# Extrema of two-variable function in bounded region

1. Oct 3, 2012

### xWaffle

1. The problem statement, all variables and given/known data

Find absolute maxima and minima of the function in the given region:

T(x,y) = x2 + xy + y2 - 6x

Region: Rectangular plate given by: 0 ≤ x ≤ 5, -3 ≤ y ≤ 3

2. Relevant equations

First derivative test, fx =0, fy = 0
Second derivative test, fxxfyy - fxy2 = ?

3. The attempt at a solution

I know I need to check the boundaries of the region, which would be four lines connecting the endpoints (0, -3), (0, 3), (5, -3), (5, 3).

Do I also need to check for extrema the normal way (i.e., not caring about the region) and then see if any of those points lie within the region..? I have a general idea of what I'm supposed to be doing but I'm not 100% sure.

2. Oct 3, 2012

### clamtrox

Re: Extrama of two-variable function in bounded region

On the boundaries you need to find the extrema of a function of a single variable. Inside the rectangle you need to find the extrema of the full expression. So just find the zeroes of the gradient and check which of those are inside the rectangle.

3. Oct 3, 2012

### HallsofIvy

Staff Emeritus
It isn't really necessary to use the second derivative test since whether you have a local max or min is not relevant. Evaluate the function at all possible critical points and compare to see which is largest and which smallest.

You have shown that the partial derivatives are never 0 in the interior of the region so need to check on boundaries. Since this is a square you have four lines as boundary.

1) x= 0. $f(0, y)= y^2$. Find critical points of that for y from -3 to 3.
2) x= 5. $f(5, y)= 25+ 5y+ y^2- 30= y^2+ 5y- 5$.
3) y= -3. $f(x, -3)= x^2- 3x+ 9- 6x= x^2- 9x+ 9$.
4) y= 3. $f(x, 3)= x^3+ 3x+ 9- 6x= x^2- 3x+ 9$.

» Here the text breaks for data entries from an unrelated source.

Lemma is_derive_poly (w : nat -> R) n x :
  is_derive (fun t => sum_lt (fun i => w i * t ^ i) n) x
    (sum_lt (fun i => INR (S i) * w (S i) * x ^ i) (pred n)).
Proof.
  induction n as [|n IH]; simpl; [apply is_derive_const_R|].
  eapply is_derive_eq.
  - apply is_derive_plus_R; [exact IH|].
    apply is_derive_mult_R; [apply is_derive_const_R|].
    apply (is_derive_pow (fun t => t)), is_derive_id_R.
  - destruct n; simpl; ring.
Qed.

Lemma box_sum_monomials_poly c t b d e n1 n2 n3 n4 :
  box_sum (monomials c t b d e) n1 n2 n3 n4 =
  sum_lt (fun i => sum_lt (fun j => sum_lt (fun k => sum_lt (fun m =>
    c i j k m * b ^ j * d ^ k * e ^ m) n4) n3) n2 * t ^ i) n1.
Proof.
  unfold box_sum; apply sum_lt_ext; intros i _; rewrite Rmult_comm.
  rewrite <- sum_lt_scal; apply sum_lt_ext; intros; rewrite <- sum_lt_scal.
  apply sum_lt_ext; intros; rewrite <- sum_lt_scal; apply sum_lt_ext; intros.
  unfold monomials; ring.
Qed.

Lemma is_derive_box_sum1 c b d e n1 n2 n3 n4 x :
  is_derive (fun t => box_sum (monomials c t b d e) n1 n2 n3 n4) x
    (box_sum (monomials (deriv1_coef c) x b d e) (pred n1) n2 n3 n4).
Proof.
  eapply is_derive_ext; [intros t; symmetry; apply box_sum_monomials_poly|].
  eapply is_derive_eq; [apply is_derive_poly|].
  rewrite box_sum_monomials_poly; apply sum_lt_ext; intros i _.
  rewrite <- sum_lt_scal; f_equal; apply sum_lt_ext; intros.
  rewrite <- sum_lt_scal; apply sum_lt_ext; intros.
  rewrite <- sum_lt_scal; apply sum_lt_ext; intros.
  unfold deriv1_coef; ring.
Qed.

Lemma cube_margin a b d e r : Rabs a < r -> Rabs b < r -> Rabs d < r -> Rabs e < r ->
  exists rho, 0 < rho /\
    Rabs a + rho < r /\ Rabs b + rho < r /\ Rabs d + rho < r /\ Rabs e + rho < r.
Proof.
  intros ha hb hd he.
  assert (Hmax : Rmax (Rmax (Rabs a) (Rabs b)) (Rmax (Rabs d) (Rabs e)) < r)
    by (repeat apply Rmax_lub_lt; auto).
  exists ((r - Rmax (Rmax (Rabs a) (Rabs b)) (Rmax (Rabs d) (Rabs e))) / 2).
  pose proof (Rmax_l (Rabs a) (Rabs b)); pose proof (Rmax_r (Rabs a) (Rabs b)).
  pose proof (Rmax_l (Rabs d) (Rabs e)); pose proof (Rmax_r (Rabs d) (Rabs e)).
  pose proof (Rmax_l (Rmax (Rabs a) (Rabs b)) (Rmax (Rabs d) (Rabs e))).
  pose proof (Rmax_r (Rmax (Rabs a) (Rabs b)) (Rmax (Rabs d) (Rabs e))).
  repeat split; lra.
Qed.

And, of course, you will need to check boundaries of those: the corners, (0, -3), (0, 3), (5, -3), and (5, 3). Find the values of the functions at all the critical points and see which is largest and which smallest.

4. Oct 3, 2012

### Ray Vickson

You also need to worry about the corners (0,-3), etc. A corner is a local minimum if the directional derivative of f is ≥ 0 for all directions pointing into the region (or along the boundary) from that corner, and it is a local max if the directional derivative is ≤ 0. (These tests are, essentially, what the so-called Karush-Kuhn-Tucker conditions are all about.)